> [Task objective] Beneath this instruction is a block of data; output from it exactly the lines that run from the one containing "Proof. by case: pi_unif => _ [_" through the one containing "Proof. by move=> le_kj;", inclusive.

> [Data]
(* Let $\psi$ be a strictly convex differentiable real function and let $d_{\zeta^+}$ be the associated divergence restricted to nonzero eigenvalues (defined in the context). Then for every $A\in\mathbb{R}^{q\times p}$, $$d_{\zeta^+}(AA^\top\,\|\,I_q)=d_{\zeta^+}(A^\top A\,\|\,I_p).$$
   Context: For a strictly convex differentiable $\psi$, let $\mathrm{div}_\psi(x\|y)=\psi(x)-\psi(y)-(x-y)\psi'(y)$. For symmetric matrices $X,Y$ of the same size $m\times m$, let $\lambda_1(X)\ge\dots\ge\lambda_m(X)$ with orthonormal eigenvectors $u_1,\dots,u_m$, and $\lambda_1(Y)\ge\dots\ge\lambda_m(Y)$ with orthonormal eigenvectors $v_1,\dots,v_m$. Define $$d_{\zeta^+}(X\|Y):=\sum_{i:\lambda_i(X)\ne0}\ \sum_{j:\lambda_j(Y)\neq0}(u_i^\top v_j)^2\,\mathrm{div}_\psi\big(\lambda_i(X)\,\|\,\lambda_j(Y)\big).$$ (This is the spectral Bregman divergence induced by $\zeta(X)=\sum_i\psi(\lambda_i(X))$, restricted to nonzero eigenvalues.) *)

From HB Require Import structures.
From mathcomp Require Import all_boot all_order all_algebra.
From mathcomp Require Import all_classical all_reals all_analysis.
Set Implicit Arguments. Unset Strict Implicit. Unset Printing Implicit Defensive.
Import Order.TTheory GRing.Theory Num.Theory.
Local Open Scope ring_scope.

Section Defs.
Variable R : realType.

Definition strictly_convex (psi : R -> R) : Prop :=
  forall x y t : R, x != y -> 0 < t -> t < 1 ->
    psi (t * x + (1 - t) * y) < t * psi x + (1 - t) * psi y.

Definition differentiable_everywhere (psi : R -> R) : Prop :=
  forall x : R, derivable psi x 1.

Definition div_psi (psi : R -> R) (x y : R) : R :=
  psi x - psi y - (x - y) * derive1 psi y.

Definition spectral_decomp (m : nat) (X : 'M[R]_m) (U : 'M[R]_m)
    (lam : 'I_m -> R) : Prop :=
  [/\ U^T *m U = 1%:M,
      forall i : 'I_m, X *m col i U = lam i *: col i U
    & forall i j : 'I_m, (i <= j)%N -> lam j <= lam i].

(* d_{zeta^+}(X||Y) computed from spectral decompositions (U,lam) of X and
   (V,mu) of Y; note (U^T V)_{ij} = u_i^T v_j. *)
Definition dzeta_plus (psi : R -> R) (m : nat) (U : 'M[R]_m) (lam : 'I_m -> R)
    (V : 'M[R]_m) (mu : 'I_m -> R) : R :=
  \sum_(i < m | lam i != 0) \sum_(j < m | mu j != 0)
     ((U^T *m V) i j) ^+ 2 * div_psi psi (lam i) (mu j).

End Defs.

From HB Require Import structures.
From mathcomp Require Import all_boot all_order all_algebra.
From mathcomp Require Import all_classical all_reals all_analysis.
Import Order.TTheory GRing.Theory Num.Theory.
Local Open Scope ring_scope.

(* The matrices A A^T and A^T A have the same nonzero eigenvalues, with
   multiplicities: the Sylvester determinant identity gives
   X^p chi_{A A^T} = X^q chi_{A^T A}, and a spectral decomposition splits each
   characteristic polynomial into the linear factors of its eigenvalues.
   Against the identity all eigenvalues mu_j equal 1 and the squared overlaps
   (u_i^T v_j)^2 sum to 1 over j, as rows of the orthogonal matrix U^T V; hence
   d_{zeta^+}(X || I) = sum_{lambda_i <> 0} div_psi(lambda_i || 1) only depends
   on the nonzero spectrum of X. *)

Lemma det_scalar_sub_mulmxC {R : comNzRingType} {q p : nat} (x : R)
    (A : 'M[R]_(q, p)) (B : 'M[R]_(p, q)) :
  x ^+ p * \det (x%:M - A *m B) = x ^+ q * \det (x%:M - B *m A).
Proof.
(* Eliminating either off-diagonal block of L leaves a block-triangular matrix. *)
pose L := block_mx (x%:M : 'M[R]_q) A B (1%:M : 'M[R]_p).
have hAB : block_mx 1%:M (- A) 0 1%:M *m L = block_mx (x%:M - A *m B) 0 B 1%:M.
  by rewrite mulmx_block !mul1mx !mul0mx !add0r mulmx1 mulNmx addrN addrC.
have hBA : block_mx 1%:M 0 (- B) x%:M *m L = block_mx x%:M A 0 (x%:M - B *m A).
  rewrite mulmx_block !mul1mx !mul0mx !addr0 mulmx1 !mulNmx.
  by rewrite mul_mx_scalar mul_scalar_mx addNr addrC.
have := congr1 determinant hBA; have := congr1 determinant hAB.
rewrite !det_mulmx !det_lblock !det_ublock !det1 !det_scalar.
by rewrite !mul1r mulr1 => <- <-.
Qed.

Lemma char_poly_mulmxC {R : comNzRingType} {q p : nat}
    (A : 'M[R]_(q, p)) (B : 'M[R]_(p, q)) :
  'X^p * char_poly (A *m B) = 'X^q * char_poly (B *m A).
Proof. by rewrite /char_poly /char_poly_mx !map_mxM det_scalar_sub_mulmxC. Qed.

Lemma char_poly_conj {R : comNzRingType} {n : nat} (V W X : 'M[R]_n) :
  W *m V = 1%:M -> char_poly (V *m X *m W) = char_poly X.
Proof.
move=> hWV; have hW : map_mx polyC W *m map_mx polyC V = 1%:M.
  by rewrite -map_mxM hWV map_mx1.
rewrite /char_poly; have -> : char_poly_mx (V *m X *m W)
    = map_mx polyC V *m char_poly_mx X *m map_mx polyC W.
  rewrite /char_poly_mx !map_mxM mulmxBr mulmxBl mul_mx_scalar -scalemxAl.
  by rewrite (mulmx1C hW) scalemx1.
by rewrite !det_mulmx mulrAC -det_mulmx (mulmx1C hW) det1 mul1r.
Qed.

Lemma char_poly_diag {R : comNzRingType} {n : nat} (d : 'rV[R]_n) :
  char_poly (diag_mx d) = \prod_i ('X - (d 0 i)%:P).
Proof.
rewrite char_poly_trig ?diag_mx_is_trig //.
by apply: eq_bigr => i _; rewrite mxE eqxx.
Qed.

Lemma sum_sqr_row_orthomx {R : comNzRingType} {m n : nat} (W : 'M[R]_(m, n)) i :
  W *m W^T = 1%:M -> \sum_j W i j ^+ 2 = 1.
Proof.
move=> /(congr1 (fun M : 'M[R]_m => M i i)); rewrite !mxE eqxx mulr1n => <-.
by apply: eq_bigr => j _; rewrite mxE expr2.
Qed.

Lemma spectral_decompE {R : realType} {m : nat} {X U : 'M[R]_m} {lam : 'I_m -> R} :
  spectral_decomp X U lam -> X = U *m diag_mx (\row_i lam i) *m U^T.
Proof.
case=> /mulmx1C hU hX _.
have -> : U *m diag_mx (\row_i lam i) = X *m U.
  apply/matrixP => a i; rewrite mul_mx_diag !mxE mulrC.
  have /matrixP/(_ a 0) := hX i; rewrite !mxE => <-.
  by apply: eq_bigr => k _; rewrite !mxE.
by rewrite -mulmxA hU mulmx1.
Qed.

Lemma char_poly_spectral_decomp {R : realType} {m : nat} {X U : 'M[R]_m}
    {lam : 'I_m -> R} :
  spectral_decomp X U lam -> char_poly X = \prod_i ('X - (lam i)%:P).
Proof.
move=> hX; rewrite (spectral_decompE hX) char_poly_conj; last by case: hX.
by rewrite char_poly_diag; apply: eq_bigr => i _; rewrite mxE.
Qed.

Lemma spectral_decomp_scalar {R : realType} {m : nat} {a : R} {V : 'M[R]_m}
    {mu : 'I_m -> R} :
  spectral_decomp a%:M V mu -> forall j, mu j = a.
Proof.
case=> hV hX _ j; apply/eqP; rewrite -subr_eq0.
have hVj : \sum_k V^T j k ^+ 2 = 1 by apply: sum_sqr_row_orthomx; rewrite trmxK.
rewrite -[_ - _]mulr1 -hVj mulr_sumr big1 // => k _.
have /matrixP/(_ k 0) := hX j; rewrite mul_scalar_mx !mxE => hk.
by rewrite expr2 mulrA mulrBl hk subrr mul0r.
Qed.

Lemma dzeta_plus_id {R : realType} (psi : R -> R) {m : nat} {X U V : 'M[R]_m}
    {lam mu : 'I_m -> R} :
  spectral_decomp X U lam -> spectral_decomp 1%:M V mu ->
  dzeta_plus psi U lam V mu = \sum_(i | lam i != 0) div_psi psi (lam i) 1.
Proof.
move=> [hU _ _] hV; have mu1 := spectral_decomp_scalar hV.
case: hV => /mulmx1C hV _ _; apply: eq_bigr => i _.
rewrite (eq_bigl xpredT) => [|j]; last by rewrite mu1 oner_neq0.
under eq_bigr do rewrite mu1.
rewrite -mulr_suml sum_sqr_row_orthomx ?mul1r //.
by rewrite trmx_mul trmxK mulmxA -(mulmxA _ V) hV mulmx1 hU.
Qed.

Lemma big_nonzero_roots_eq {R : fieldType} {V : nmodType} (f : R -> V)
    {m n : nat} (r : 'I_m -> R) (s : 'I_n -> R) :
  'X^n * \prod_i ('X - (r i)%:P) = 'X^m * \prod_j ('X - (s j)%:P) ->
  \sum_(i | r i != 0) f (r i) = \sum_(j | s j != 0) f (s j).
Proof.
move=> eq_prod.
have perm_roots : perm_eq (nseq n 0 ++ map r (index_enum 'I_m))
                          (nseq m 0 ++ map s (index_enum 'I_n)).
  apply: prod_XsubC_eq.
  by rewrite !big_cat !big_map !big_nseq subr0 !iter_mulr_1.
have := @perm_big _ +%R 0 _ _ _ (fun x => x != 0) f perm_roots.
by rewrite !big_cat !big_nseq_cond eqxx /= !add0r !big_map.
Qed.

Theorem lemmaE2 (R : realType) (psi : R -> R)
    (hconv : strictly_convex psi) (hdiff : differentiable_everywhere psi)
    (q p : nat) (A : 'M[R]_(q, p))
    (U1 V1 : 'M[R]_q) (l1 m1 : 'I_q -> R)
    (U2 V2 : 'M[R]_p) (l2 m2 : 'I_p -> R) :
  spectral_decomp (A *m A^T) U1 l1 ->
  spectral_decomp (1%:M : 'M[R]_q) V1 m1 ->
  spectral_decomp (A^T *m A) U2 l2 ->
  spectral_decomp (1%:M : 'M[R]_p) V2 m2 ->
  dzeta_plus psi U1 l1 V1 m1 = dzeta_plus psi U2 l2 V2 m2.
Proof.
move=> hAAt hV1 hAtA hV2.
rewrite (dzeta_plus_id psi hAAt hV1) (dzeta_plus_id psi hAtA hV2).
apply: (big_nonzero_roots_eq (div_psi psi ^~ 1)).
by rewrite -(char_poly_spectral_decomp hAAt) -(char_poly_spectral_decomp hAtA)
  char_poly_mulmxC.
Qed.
---
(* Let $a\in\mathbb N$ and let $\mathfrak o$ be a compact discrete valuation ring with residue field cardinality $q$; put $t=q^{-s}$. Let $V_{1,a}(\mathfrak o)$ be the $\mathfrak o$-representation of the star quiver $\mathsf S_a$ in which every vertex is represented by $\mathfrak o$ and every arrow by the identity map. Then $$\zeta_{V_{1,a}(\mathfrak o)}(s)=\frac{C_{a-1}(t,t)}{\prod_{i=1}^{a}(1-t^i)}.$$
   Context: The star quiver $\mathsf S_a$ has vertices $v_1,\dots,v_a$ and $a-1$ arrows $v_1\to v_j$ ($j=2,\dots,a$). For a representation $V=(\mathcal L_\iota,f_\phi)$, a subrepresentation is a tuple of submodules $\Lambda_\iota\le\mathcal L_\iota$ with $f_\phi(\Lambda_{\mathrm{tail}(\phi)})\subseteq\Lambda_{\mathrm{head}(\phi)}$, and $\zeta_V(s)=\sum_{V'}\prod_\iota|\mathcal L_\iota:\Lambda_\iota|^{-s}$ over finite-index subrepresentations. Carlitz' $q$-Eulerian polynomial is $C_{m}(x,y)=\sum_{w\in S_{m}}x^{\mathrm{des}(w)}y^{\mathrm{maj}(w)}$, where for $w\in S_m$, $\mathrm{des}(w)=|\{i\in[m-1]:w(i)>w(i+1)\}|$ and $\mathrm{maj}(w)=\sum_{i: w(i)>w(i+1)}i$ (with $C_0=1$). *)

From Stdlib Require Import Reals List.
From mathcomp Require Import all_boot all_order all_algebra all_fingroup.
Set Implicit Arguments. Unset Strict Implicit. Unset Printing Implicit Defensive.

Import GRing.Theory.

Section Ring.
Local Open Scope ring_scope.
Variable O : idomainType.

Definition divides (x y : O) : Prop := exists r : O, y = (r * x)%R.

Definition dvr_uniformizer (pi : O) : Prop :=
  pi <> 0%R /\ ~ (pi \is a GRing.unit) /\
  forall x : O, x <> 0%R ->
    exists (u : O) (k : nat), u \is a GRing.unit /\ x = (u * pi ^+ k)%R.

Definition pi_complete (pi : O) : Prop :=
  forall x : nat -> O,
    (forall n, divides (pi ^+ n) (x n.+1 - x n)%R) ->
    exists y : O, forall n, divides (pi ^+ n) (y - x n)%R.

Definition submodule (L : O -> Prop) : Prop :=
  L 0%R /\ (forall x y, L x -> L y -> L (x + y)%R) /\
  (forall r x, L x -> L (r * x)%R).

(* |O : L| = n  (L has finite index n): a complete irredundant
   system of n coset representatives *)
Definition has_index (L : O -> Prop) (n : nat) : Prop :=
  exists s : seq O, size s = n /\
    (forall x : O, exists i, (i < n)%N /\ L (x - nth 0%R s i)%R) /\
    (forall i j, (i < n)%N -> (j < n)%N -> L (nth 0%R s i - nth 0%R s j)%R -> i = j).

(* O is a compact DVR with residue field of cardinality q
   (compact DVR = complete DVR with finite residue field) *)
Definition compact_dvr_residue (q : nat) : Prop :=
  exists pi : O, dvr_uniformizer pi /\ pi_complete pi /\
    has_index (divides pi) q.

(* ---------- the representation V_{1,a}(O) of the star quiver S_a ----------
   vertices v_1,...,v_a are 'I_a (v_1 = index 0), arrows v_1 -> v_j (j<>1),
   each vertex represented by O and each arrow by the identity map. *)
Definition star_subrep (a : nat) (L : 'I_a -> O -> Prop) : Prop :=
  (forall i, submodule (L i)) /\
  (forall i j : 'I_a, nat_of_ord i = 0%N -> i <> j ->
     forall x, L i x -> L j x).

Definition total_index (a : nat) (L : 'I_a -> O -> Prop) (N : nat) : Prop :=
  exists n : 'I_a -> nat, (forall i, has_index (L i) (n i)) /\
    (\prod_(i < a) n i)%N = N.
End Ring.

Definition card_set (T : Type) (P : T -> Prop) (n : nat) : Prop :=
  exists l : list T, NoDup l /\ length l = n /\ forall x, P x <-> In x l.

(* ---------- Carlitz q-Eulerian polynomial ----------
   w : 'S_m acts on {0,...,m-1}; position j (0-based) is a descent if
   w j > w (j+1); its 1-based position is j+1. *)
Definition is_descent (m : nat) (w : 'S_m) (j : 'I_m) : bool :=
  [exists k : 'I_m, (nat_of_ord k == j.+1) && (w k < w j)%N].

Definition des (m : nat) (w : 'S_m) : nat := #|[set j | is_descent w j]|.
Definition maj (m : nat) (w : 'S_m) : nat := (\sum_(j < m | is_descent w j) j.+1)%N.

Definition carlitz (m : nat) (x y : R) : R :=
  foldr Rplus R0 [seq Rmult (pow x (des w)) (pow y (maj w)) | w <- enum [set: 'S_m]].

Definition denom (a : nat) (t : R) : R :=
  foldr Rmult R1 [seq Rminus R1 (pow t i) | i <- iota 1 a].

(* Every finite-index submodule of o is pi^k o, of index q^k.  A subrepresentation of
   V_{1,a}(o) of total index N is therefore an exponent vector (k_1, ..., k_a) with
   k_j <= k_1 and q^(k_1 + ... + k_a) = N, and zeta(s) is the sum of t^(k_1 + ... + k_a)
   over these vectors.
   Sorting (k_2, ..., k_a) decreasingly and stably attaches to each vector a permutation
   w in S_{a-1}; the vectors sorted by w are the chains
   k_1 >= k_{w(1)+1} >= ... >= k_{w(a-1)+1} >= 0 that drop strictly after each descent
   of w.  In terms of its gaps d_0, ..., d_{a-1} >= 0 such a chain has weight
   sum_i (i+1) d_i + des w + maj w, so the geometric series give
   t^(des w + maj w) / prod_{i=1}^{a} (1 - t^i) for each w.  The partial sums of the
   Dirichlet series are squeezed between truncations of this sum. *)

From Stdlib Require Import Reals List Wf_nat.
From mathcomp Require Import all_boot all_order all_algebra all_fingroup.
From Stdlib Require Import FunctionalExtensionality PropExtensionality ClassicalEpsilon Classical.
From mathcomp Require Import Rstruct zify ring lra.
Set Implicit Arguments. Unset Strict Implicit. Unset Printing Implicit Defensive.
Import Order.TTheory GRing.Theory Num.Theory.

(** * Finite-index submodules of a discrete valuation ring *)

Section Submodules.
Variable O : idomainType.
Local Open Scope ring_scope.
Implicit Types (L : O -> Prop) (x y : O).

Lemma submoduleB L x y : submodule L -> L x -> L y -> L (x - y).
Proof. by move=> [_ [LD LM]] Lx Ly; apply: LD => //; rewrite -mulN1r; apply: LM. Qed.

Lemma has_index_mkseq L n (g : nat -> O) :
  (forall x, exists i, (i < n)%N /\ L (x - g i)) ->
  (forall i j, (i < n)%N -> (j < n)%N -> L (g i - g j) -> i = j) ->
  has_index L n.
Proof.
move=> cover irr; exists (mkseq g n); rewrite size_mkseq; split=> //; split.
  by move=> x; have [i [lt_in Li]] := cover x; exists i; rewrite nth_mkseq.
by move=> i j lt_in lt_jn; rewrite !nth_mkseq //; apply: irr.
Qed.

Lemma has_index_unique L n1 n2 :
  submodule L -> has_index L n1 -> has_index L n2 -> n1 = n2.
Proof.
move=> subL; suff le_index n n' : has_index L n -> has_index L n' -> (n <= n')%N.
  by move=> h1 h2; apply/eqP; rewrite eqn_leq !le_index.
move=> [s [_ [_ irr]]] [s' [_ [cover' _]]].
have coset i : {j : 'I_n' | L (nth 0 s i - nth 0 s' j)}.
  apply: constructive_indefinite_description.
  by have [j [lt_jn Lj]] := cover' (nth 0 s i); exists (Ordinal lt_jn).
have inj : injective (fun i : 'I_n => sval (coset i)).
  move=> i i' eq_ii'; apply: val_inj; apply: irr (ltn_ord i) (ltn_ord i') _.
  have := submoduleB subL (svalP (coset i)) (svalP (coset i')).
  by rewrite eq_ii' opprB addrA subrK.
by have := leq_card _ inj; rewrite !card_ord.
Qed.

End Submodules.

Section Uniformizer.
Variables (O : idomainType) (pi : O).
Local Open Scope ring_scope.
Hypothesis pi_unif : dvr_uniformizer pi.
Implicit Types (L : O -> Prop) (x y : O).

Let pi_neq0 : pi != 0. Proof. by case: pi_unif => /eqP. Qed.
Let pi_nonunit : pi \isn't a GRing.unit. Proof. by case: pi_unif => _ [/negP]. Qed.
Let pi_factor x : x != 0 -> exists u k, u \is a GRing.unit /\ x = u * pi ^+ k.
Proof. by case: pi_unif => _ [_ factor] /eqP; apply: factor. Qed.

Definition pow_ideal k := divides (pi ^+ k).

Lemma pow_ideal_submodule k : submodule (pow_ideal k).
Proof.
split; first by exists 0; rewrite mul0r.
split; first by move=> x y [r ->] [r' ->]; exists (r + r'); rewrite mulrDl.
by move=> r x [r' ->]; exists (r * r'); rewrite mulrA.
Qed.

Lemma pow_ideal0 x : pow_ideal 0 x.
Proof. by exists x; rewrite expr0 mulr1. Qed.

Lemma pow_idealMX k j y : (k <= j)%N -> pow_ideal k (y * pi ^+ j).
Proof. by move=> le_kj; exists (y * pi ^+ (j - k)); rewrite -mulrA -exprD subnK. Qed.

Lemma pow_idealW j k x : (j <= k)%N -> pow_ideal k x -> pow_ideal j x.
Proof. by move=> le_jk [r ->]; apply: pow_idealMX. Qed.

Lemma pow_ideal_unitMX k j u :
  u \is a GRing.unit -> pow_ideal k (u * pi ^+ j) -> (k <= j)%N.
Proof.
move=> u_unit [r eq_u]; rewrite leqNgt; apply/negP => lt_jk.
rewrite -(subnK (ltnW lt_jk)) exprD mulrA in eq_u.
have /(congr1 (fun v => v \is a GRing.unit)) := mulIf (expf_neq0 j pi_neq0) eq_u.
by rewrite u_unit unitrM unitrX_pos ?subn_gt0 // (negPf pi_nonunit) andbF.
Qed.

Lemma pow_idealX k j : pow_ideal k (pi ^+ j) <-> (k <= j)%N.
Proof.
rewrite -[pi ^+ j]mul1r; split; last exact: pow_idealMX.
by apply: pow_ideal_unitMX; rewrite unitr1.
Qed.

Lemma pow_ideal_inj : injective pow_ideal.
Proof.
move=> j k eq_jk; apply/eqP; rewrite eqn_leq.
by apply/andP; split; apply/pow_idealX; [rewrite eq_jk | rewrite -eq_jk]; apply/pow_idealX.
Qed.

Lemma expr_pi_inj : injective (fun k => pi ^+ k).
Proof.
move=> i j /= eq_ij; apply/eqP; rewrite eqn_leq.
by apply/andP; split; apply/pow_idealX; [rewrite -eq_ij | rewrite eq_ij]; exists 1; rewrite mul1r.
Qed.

> [Your solution]
Proof. by case: pi_unif => _ [_ factor] /eqP; apply: factor. Qed.

Definition pow_ideal k := divides (pi ^+ k).

Lemma pow_ideal_submodule k : submodule (pow_ideal k).
Proof.
split; first by exists 0; rewrite mul0r.
split; first by move=> x y [r ->] [r' ->]; exists (r + r'); rewrite mulrDl.
by move=> r x [r' ->]; exists (r * r'); rewrite mulrA.
Qed.

Lemma pow_ideal0 x : pow_ideal 0 x.
Proof. by exists x; rewrite expr0 mulr1. Qed.

Lemma pow_idealMX k j y : (k <= j)%N -> pow_ideal k (y * pi ^+ j).
Proof. by move=> le_kj; exists (y * pi ^+ (j - k)); rewrite -mulrA -exprD subnK. Qed.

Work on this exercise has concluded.